Fused deposition modelling (FDM) is a commonly used 3D printing technology. The development of FDM materials was essential for the product quality of FDM. In this work, a series of polycaprolactone (PCL)-based composites for low-temperature FDM were developed. By melt blending technique, different ratios of starch were added into PCL to improve the performances of FDM, and the printability, tensile strength, rheological properties, crystallization behaviors and biological performances of the composites were studied. The PCL/starch composite had the best performance in FDM process with the starch ratio of 9 ph at 80-90 °C. The melting strength and solidification rate of PCL/starch composites were improved. The starch also increased the crystallization temperature, degree of crystallinity and crystallization rate of PCL/starch composites, while had no negative effects on the tensile strength of PCL. Due to the low printing temperature, various kinds of bioactive components were added into PCL/starch composites for preparation of antibacterial and biocompatible materials for FDM. The present work provides a new method to develop novel low-temperature FDM materials with various functions.

Introduction

Three-dimensional (3D) printing is an advanced technology for customized manufacturing [[1], [2], [3]]. By stacking materials layer by layer, objects could be produced based on computer-aided design models by 3D printing, which has been widely applied in medical field [4,5], part manufacturing [6], automobile industry [7], and so on. The 3D printing technology has various types, including fused deposition modelling (FDM) [8], stereo lithography appearance (SLA) [9], selective laser sintering (SLS) [10], laminated object manufacturing (LOM) [11], patternless casting manufacturing (PCM) [12], and so on. Among all the types of 3D printing, FDM is commonly used because of its low the cost and easy operation [13,14]. In the FDM process, the material has the very significant influence on the quality and function of the printed products [[15], [16], [17]]. Therefore, it has high theoretic meaning and realistic value to develop high-performance materials for FDM.

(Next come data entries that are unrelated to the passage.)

(* Zorn's lemma, applied to the proper left ideals containing [L] together
   with the empty set, which is needed as the union of the empty chain. *)
Lemma exists_maximal_left_ideal (L : T -> Prop) :
  is_left_ideal L -> ~ L 1 ->
  exists2 M, maximal_left_ideal M & forall x, L x -> M x.
Proof.
move=> idL nL1.
pose P (X : T -> Prop) := (forall x, ~ X x) \/
  [/\ is_left_ideal X, ~ X 1 & forall x, L x -> X x].
have [M [PM Mmax]] : exists M, P M /\ forall N, classical_sets.proper M N -> ~ P N.
  apply: classical_sets.Zorn_bigcup => F FP Ftot.
  have [[X0 FX0 [x0 X0x0]]|Fempty] :=
    boolp.pselect (exists2 X, F X & exists x, X x); last first.
    by left=> x [X FX Xx]; apply: Fempty; exists X => //; exists x.
  have idF X x : F X -> X x -> [/\ is_left_ideal X, ~ X 1 & forall y, L y -> X y].
    by move=> FX Xx; case: (FP X FX) => // /(_ x).
  have [[X00 _] _ LX0] := idF X0 x0 FX0 X0x0.
  right; split; [split; [|split] | |].
  - by exists X0.
  - move=> x y [X FX Xx] [Y FY Yy].
    have [[_ [XB _]] _ _] := idF X x FX Xx; have [[_ [YB _]] _ _] := idF Y y FY Yy.
    by case: (Ftot X Y FX FY) => sub; [exists Y => //; apply: YB (sub x Xx) Yy
                                     | exists X => //; apply: XB Xx (sub y Yy)].
  - move=> r x [X FX Xx]; have [[_ [_ XM]] _ _] := idF X x FX Xx.
    by exists X => //; apply: XM.
  - by move=> [X FX X1]; have [_ nX1 _] := idF X 1 FX X1.
  - by move=> x Lx; exists X0 => //; apply: LX0.
have PL : P L by right.
case: PM => [M0|[idM nM1 LM]].
  have [L0 _] := idL.
  by case: (Mmax L _ PL); split=> [x /M0 //|/(_ 0 L0) /M0].
exists M => //; split=> //; split=> // K idK MK nK1 x Kx.
apply: boolp.contrapT => nMx; apply: (Mmax K); first by split=> // /(_ x Kx).
by right; split=> // y /LM /MK.
Qed.

Lemma jacobson_left_inv (x r : T) : J x -> exists y, y * (1 - r * x) = 1.
Proof.
move=> Jx; apply: boolp.contrapT => noinv.
pose L z := exists t, z = t * (1 - r * x).
have [M maxM LM] : exists2 M, maximal_left_ideal M & forall z, L z -> M z.
  apply: exists_maximal_left_ideal; last first.
    by move=> [t /esym ht]; apply: noinv; exists t.
  split; first by exists 0; rewrite mul0r.
  split; first by move=> _ _ [t ->] [t' ->]; exists (t - t'); rewrite mulrBl.
  by move=> r' _ [t ->]; exists (r' * t); rewrite mulrA.
have [[_ [MB MM]] [nM1 _]] := maxM; apply: nM1.
have -> : (1 : T) = (1 - r * x) - (- r * x) by rewrite mulNr opprK subrK.
by apply: MB; [apply: LM; exists 1; rewrite mul1r | apply: MM; apply: Jx].
Qed.

Lemma jacobson_1BM_unit (x r : T) : J x -> is_unit (1 - r * x).
Proof.
move=> Jx; have [y hy] := jacobson_left_inv r Jx.
have [z hz] : exists z, z * y = 1.
  suff -> : y = 1 - (- (y * r)) * x by apply: jacobson_left_inv.
  by rewrite mulNr opprK -{1}hy mulrBr mulr1 mulrA subrK.
have zE : z = 1 - r * x.
  by have := congr1 (fun w => z * w) hy; rewrite /= mulrA hz mul1r mulr1.
by exists y; split; rewrite // -zE.
Qed.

The common-used thermoplastic materials for FDM, such as polylactic acid [18], poly(acrylonitrile-co-butadiene-co-styrene) [19] and polycarbonate [20], were manufactured at the temperature higher than 200 °C. The high manufacturing temperature leads to high energy consumption and low safety, especially for small-scale household FDM printer. Moreover, it was reported that volatile organic compounds (VOC) and air-borne micro-particles of plastics were produced continuously during the FDM processes under high temperature, which will be harmful to the health of the users [21,22]. Moreover, the high manufacturing temperature hinders the addition of bioactive components into the FDM materials, limiting the functionalization of these materials.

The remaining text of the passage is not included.